In his fourth day of testimony, the Prosecutor-General of the Central African Republic (CAR) stated that a judicial probe conducted under his direction concluded that former president Ange-Félix Patassé had overall command of armed forces in the country at the time of the 2002-2003 conflict. In effect, the probe gave former Congolese vice president Jean-Pierre Bemba subordinate responsibility over the soldiers that brutalized civilians.
Firmin Feindiro told the trial at the International Criminal Court (ICC) that his investigation, which commenced in August 2003 and lasted “several months,” heard from more than 300 victims and about the same number of witnesses to the atrocities mainly committed in the country’s capital Bangui.
Among the witnesses were Central African military authorities, who explained how orders were given during the campaign Mr. Patassé’s forces and allied groups including Mr. Bemba’s Movement for the Liberation of Congo (MLC) undertook against an armed rebellion that sought to overthrow Mr. Patassé.
Based on interviews with victims and witnesses, Mr. Feindiro reached conclusions about individuals he deemed culpable for the crimes. The dossier containing his conclusions, which is now part of the evidence at the ICC trial, was the focus of today’s defense questioning.
In the dossier, the Prosecutor-General stated that Mr. Patassé, as then Central African president, leader of the national armed forces, and chair of the High Council of the National Defense, was the hierarchical leader of the armed forces and the foreign mercenaries who fought on their side. The Prosecutor classified the MLC as one of these allied foreign mercenary forces.
Mr. Feindiro’s dossier also noted that in a speech delivered to Central Africans on November 29, 2002, Mr. Patassé stated that he had indeed called upon Mr. Bemba’s MLC troops to give his loyalist forces a hand in fighting off a coup attempt.
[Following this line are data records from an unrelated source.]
Lemma exists_Forall2 {A B} (Rel : A -> B -> Prop) (l : list A) :
  (forall a, In a l -> exists b, Rel a b) -> exists l', Forall2 Rel l l'.
Proof.
  induction l as [|a l IH]; intros H.
  - exists []. constructor.
  - destruct (H a (or_introl eq_refl)) as (b & hb).
    destruct IH as (l' & hl'); [intros c hc; apply H; now right|].
    exists (b :: l'). now constructor.
Qed.

Lemma Forall2_In_r {A B} (Rel : A -> B -> Prop) l l' : Forall2 Rel l l' ->
  forall b, In b l' -> exists a, In a l /\ Rel a b.
Proof.
  induction 1 as [|a b l l' hab _ IH]; intros c hc; [destruct hc|].
  destruct hc as [<-|hc].
  - exists a. split; auto. now left.
  - destruct (IH c hc) as (a' & h1 & h2). exists a'. split; auto. now right.
Qed.

Lemma NoDup_Forall2 {A B} (Rel : A -> B -> Prop) l l' : Forall2 Rel l l' -> NoDup l ->
  (forall a1 a2 b, In a1 l -> In a2 l -> Rel a1 b -> Rel a2 b -> a1 = a2) -> NoDup l'.
Proof.
  induction 1 as [|a b l l' hab hl IH]; intros hnd hinj; constructor.
  - inversion hnd as [|? ? ha hnd']; subst. intro hb.
    destruct (Forall2_In_r _ _ _ hl b hb) as (a' & ha' & hrel).
    assert (a = a') as <- by (apply (hinj a a' b); simpl; auto). contradiction.
  - inversion hnd; subst. apply IH; auto. intros a1 a2 c h1 h2. apply hinj; simpl; auto.
Qed.

Section LimitOfLQMaps.
Context {M N : Type} (dM : M -> M -> R) (dN : N -> N -> R) (L : R)
  (fs : nat -> M -> N) (f : M -> N).
Hypotheses (HM : is_metric dM) (HN : is_metric dN)
  (fs_LQ : forall j, LQ_map dM dN L (fs j)) (fs_conv : loc_unif_conv dM dN fs f).

Lemma LQ_const_pos (x : M) : 0 < L.
Proof.
  destruct (fs_LQ 0%nat x 1 Rlt_0_1) as [_ hup]. specialize (hup x).
  unfold ball in hup. rewrite !dist_self in hup by auto. specialize (hup Rlt_0_1). lra.
Qed.

Lemma loc_unif_conv_pointwise y eps : 0 < eps ->
  exists J, forall j, (J <= j)%nat -> dN (fs j y) (f y) < eps.
Proof.
  intros he. destruct (fs_conv y) as (r & hr & Hr). destruct (Hr eps he) as (J & HJ).
  exists J. intros j hj. apply HJ; auto. now rewrite dist_self.
Qed.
According to excerpts read out in court by the defense and acknowledged by the witness, Mr. Patassé stated in that speech that he knew that crimes had been committed and that as a consequence, he was going to establish a commission to “assess all that.”
As such, according to the dossier, the Feindiro-led judicial investigation concluded that “while the fact that he [Bemba] sent his troops in at the request of Patassé – this fact is not being challenged [but] he has not been shown to be involved in their use on the field and it is therefore fitting to exclude him.”
Yesterday, Mr. Feindiro stated that no material or physical responsibility charges for the conduct of the MLC troops were brought before his country’s examining judge; only “intellectual responsibility” was considered. He said that it was for the intellectual responsibility of the alleged crimes that Mr. Bemba and other co-perpetrators were found by Central African prosecutors to be criminally responsible. However, even the attempt by his office to try Mr. Bemba with these charges failed.
Prosecutors of the ICC charge that Mr. Bemba as military commander had effective command over the MLC forces as they allegedly raped, murdered, and plundered civilians of the CAR. The prosecutors claim that he knew that MLC forces were committing or about to commit crimes but he failed to take “all necessary and reasonable measures to prevent or stop crimes” being committed by MLC forces.
Mr.Bemba has denied all the charges against him, arguing that once the MLC fighters crossed the border from the Democratic Republic of Congo into the CAR, they were under the command of Mr. Patassé, and that it is him who should be in the dock at the ICC.
Mr. Feindiro’s probe concluded that once the MLC were in Bangui, they were under the orders of Mr. Patassé through the direct command of Ferdinand Bombayake. The United Presidential Security (USP) led by General Bombayake was the only one of the Central African armed forces found by the country’s judicial probe to have worked with the MLC. This was because Mr. Patassé entirely trusted Bombayake but had no trust in the Forces Armées Centrafricain (FACA), the country’s regular army, which he suspected of being part of the coup attempt against him.
The CAR Prosecutor-General’s report stated that Mr. Patassé coordinated the military operations against the insurgents. “When an offensive or counter-offensive was organized, it was the president that organized it…This has been borne out by General Bombayake who maintained that it was Patassé who decided on everything and that he [Bombayake] would only implement the instructions receive,” it said.
The defense today also read out excerpts from Mr. Feindiro’s statement to ICC prosecution investigators in which he claimed the MLC received payment from the Central African treasury. He is reported as saying that the payment was authorized by Mr. Patassé and his Prime Minister Martin Ziguélé.